Discovering millions of datasets on the web
Across the web, there are millions of datasets about nearly any subject that interests you. If you’re looking to buy a puppy, you could find datasets compiling complaints of puppy buyers or studies on puppy cognition. Or if you like skiing, you could find data on revenue of ski resorts or injury rates and participation numbers. Dataset Search has indexed almost 25 million of these datasets, giving you a single place to search for datasets and find links to where the data is. Over the past year, people have tried it out and provided feedback, and now Dataset Search is officially out of beta.
What's new in Dataset Search?
Based on what we’ve learned from the early adopters of Dataset Search, we’ve added new features. You can now filter the results based on the types of dataset that you want (e.g., tables, images, text), or whether the dataset is available for free from the provider. If a dataset is about a geographic area, you can see the map. Plus, the product is now available on mobile and we’ve significantly improved the quality of dataset descriptions. One thing hasn't changed however: anybody who publishes data can make their datasets discoverable in Dataset Search by using an open standard (schema.org) to describe the properties of their dataset on their own web page.
We have also learned how many different types of people look for data. There are academic researchers, finding data to develop their hypotheses (e.g., try oxytocin), students looking for free data in a tabular format, covering the topic of their senior thesis (e.g., try incarceration rates with the corresponding filters), business analysts and data scientists looking for information on mobile apps or fast food establishments, and so on. There is data on all of that! And what do our users ask? The most common queries include "education," "weather," "cancer," "crime," "soccer," and, yes, "dogs".
What datasets can you find in Dataset Search?
Dataset Search also gives us a snapshot of the data out there on the Web. Here are a few highlights. The largest topics that the datasets cover are geosciences, biology, and agriculture. The majority of governments in the world publish their data and describe it with schema.org. The United States leads in the number of open government datasets available, with more than 2 million. And the most popular data formats? Tables–you can find more than 6 million of them on Dataset Search.

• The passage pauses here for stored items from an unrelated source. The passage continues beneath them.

Lemma map_table_pi_split (T : table d G) l c r :
  map_table_pi sg sc T = l ++ c :: r ->
  exists lT cT rT, [/\ T = lT ++ cT :: rT, map_table_pi sg sc lT = l,
                       pi_col cT = c & map_table_pi sg sc rT = r].
Proof.
elim: l T => [|c0 l IH] [|cT T] //= [E1 E2]; first by exists [::], cT, T.
have [lT [cT' [rT [-> H1 H2 H3]]]] := IH _ E2.
by exists (cT :: lT), cT', rT; split; rewrite // /map_table_pi /= -E1 -H1.
Qed.

Lemma lift_expands T S :
  expands lpbar scbar (map_table_pi sg sc T) S ->
  exists T', expands lpG sc T T' /\ map_table_pi sg sc T' = S.
Proof.
move=> H; remember (map_table_pi sg sc T) as X eqn:EX; elim: H T EX.
  by move=> T0 T ->; exists T; split; first exact: expands_refl.
move=> l c r T' _ IH T EX.
have [lT [cT [rT [ET El Ec Er]]]] := map_table_pi_split (esym EX).
have [T2 [HT2 ET2]] : exists T2, expands lpG sc (lT ++ expand_col lpG sc cT ++ rT) T2
                         /\ map_table_pi sg sc T2 = T'.
  by apply: IH; rewrite !map_table_pi_cat pi_expand_col El Ec Er.
by exists T2; split; rewrite // ET; apply: expands_step.
Qed.

Lemma map_table_pi_surj (S : table d Gbar) : exists T, map_table_pi sg sc T = S.
Proof.
elim: S => [|[[v [p [g Hg]]] u] S [T ET]]; first by exists [::].
exists ((v, g, u) :: T); rewrite /map_table_pi /= -ET; congr cons.
by congr (_, _, _); apply: gbar_val_inj; apply: functional_extensionality => w /=.
Qed.

Lemma valid_table_pi T : valid_table (map_table_pi sg sc T) <-> valid_table T.
Proof. by rewrite /valid_table /top_row /bot_row /map_table_pi -!map_comp. Qed.

Lemma expand_depth_Kn N k g v u : Kn sg sc N k ->
  expand_depth lpG sc N (v, gmul k g, u) = expand_depth lpG sc N (v, g, u).
Proof.
elim: N k g v u => [|N IH] k g v u HK /=.
  by have [_ /= ->] := HK [::] erefl; rewrite gmul1g.
congr flatten; rewrite /expand_col -!map_comp; apply: eq_map => x /=.
have [Hsg Hsc] := Hpsi k g; have [Efix HKsec] := Kn_cons HK (sg g x).
by rewrite /lpG Hsg Hsc Efix (IH _ _ _ _ HKsec).
Qed.

Hypothesis Hker : forall g : G, in_kernel sg sc g <-> exists n, Kn sg sc n g.

(* Columns with the same image in Gbar have equal expansions at all large
   depths: this is where the hypothesis on the kernel is used. *)
Lemma expand_depth_same_image a b : pi_col a = pi_col b ->
  exists n, forall N, n <= N -> expand_depth lpG sc N a = expand_depth lpG sc N b.
Proof.
case: a b => [[v g] u] [[v' h] u'] [-> Eact ->].
have Hk : in_kernel sg sc (gmul g (ginv h)).
  move=> w; rewrite (act_mul Hpsi) Eact -(act_mul Hpsi) gmulgV.
  exact: (act_one Hpsi).
have [n HKn] := (Hker _).1 Hk; exists n => N HnN.
have -> : g = gmul (gmul g (ginv h)) h by rewrite -gmulA gmulVg gmulg1.
by apply: expand_depth_Kn; apply: Kn_monotone HnN HKn.
Qed.

Lemma tab_equiv_lift T1 T2 :
  tab_equiv lpbar scbar (map_table_pi sg sc T1) (map_table_pi sg sc T2) ->
  tab_equiv lpG sc T1 T2.
Proof.
move=> [S1 [S2 [H1 H2 HP]]].
have [T1' [E1 M1]] := lift_expands H1.
have [T2' [E2 M2]] := lift_expands H2.
subst S1 S2.
have [n Hn] := @perm_flatten_eventually _ _ _ pi_col (expand_depth lpG sc) T1' T2'
  HP (fun a b _ _ => @expand_depth_same_image a b).
exists (flatten (map (expand_depth lpG sc n) T1')),
       (flatten (map (expand_depth lpG sc n) T2')); split; last exact: Hn.
- by apply: expands_trans E1 _; apply: expands_flatten => c; apply: expands_depth.
- by apply: expands_trans E2 _; apply: expands_flatten => c; apply: expands_depth.
Qed.
(* Let $a_{01},a_{10}>0$, $a_\triangle=a_{01}+a_{10}$, and let $x_\triangle\ge 0$ be a fixed integer. Under $H$, let $\theta\in(0,1)$ have prior $p_H(\theta)=\mathrm{Beta}(\theta\mid a_{01},a_{10})$, and let imaginary data $x_{01}\in\{0,\dots,x_\triangle\}$ have conditional sampling distribution $h(x_{01}\mid x_\triangle,\theta)=\binom{x_\triangle}{x_{01}}\theta^{x_{01}}(1-\theta)^{x_\triangle-x_{01}}$; under $H_0$, $\theta=1/2$. Define $$BF^{Co}_{H,H_0}(x)=\frac{\int_0^1 h(x_{01}\mid x_\triangle,\theta)p_H(\theta)\,d\theta}{h(x_{01}\mid x_\triangle,1/2)}$$ and the conditionally-intrinsic prior $p^{CI}_H(\theta\mid H_0)=p_H(\theta)\,E_\theta\big[BF^{Co}_{H,H_0}(x)^{-1}\big]$, the expectation being with respect to $x_{01}\sim h(\cdot\mid x_\triangle,\theta)$. Then $$p^{CI}_H(\theta\mid H_0)=\sum_{x_{01}=0}^{x_\triangle}\binom{x_\triangle}{x_{01}}\left(\frac12\right)^{x_\triangle}\mathrm{Beta}\big(\theta\mid a_{01}+x_{01},\,a_\triangle-a_{01}+x_\triangle-x_{01}\big).$$
   Context: $\mathrm{Beta}(\theta\mid A,B)=\theta^{A-1}(1-\theta)^{B-1}/B(A,B)$ denotes the Beta density with parameters $A,B>0$ evaluated at $\theta$, where $B(A,B)=\int_0^1t^{A-1}(1-t)^{B-1}dt$. In the paper's motivation, $\theta$ is the conditional probability of a $0\to1$ swing given a swing in a matched-pair $2\times2$ table, $x_{01}$ and $x_{10}=x_\triangle-x_{01}$ are imaginary off-diagonal counts, and the Beta$(a_{01},a_{10})$ prior arises from a Dirichlet$(a_{00},a_{01},a_{10},a_{11})$ prior on the cell probabilities. *)

From mathcomp Require Import all_boot all_order all_algebra.
From mathcomp Require Import all_classical all_reals all_analysis.
Set Implicit Arguments. Unset Strict Implicit. Unset Printing Implicit Defensive.
Import Order.TTheory GRing.Theory Num.Theory.
Import numFieldNormedType.Exports.
Local Open Scope classical_set_scope.
Local Open Scope ring_scope.

Section Defs.
Variable R : realType.

Definition betaB (A B : R) : R :=
  \int[@lebesgue_measure R]_(t in `]0, 1[) (t `^ (A - 1) * (1 - t) `^ (B - 1)).

Definition beta_dens (A B theta : R) : R :=
  theta `^ (A - 1) * (1 - theta) `^ (B - 1) / betaB A B.

Definition h_samp (xtri x01 : nat) (theta : R) : R :=
  'C(xtri, x01)%:R * theta ^+ x01 * (1 - theta) ^+ (xtri - x01).

Definition BF_Co (a01 a10 : R) (xtri x01 : nat) : R :=
  (\int[@lebesgue_measure R]_(theta in `]0, 1[)
      (h_samp xtri x01 theta * beta_dens a01 a10 theta))
  / h_samp xtri x01 (1 / 2).

Definition ci_prior (a01 a10 : R) (xtri : nat) (theta : R) : R :=
  beta_dens a01 a10 theta *
  \sum_(x01 < xtri.+1) h_samp xtri x01 theta * (BF_Co a01 a10 xtri x01)^-1.

End Defs.

(* The Bayes factor of x01 is a ratio of Beta integrals: the marginal likelihood
   is C(n, x01) B(a01 + x01, a10 + n - x01) / B(a01, a10), and the null
   likelihood is C(n, x01) 2^-n.  Multiplying its inverse by h(x01 | theta) and
   the prior, the normaliser B(a01, a10) cancels and the remaining kernel is
   2^-n C(n, x01) times the Beta(a01 + x01, a10 + n - x01) density.  The only
   analytic input is 0 < B(A, B) < oo for A, B > 0: the kernel is dominated by a
   multiple of t^(A-1) + (1-t)^(B-1), whose integrals over closed subintervals
   exhausting ]0, 1[ are bounded by the fundamental theorem of calculus, and it
   is bounded below by a positive constant on [1/4, 3/4]. *)

From mathcomp Require Import all_boot all_order all_algebra.
From mathcomp Require Import all_classical all_reals all_analysis.
From mathcomp Require Import measurable_realfun ring lra.
Set Implicit Arguments. Unset Strict Implicit. Unset Printing Implicit Defensive.
Import Order.TTheory GRing.Theory Num.Theory.
Import numFieldNormedType.Exports.
Local Open Scope classical_set_scope.
Local Open Scope ring_scope.

Section ge0_integral_bigcup.
Local Open Scope ereal_scope.
Context {d : measure_display} {T : measurableType d} {R : realType}.
Variables (mu : measure T R) (F : (set T)^nat) (f : T -> \bar R).
Hypotheses (nndF : nondecreasing_seq F) (mF : forall n, measurable (F n)).
Hypotheses (mf : forall n, measurable_fun (F n) f) (f0 : forall n x, F n x -> 0 <= f x).

Lemma ge0_integral_bigcup_le (M : \bar R) :
  (forall n, \int[mu]_(x in F n) f x <= M) ->
  \int[mu]_(x in \bigcup_n F n) f x <= M.
Proof.
move=> FM.
have cvF := @ge0_nondecreasing_set_cvg_integral _ _ _ F f mu nndF mF mf f0.
rewrite -(cvg_lim _ cvF) //; apply: lime_le; first exact: cvgP cvF.
exact: nearW.
Qed.

End ge0_integral_bigcup.

Lemma add_nat_gt0 (R : numDomainType) (b : R) (n : nat) : 0 < b -> 0 < b + n%:R.
Proof. by move=> b0; rewrite ltr_wpDr. Qed.

Lemma add_natB_gt0 (R : numDomainType) (b : R) (n k : nat) :
  0 < b -> (k <= n)%N -> 0 < b + n%:R - k%:R.
Proof. by move=> b0 kn; rewrite -addrA -natrB // ltr_wpDr. Qed.

Section beta_kernel.
Variable R : realType.
Local Notation mu := (@lebesgue_measure R).

Lemma powR_bounds (m x r : R) : 0 < m -> m <= x -> x <= 1 ->
  expR (- (`|r| * - ln m)) <= x `^ r <= expR (`|r| * - ln m).
Proof.
move=> m0 mx x1; have x0 : 0 < x by apply: lt_le_trans mx.
have lnx_ge : ln m <= ln x by rewrite ler_ln // posrE.
have lnx_le0 : ln x <= 0 by rewrite ln_le0.
have : `|r * ln x| <= `|r| * - ln m by rewrite normrM ler_wpM2l // ler0_norm //; lra.
rewrite /powR gt_eqF // ler_norml => /andP[lb ub].
by rewrite !ler_expR lb ub.
Qed.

The number of datasets that you can find in Dataset Search continues to grow. If you have a dataset on your site and you describe it using schema.org, an open standard, others can find it in Dataset Search. If you know that a dataset exists, but you can't find it in Dataset Search, ask the provider to add the schema.org descriptions and others will be able to learn about their dataset as well.
Dataset Search is out of beta, but we will continue to improve the product, whether or not it has the "beta" next to it. If you haven't already, take Dataset Search for a spin, and tell us what you think.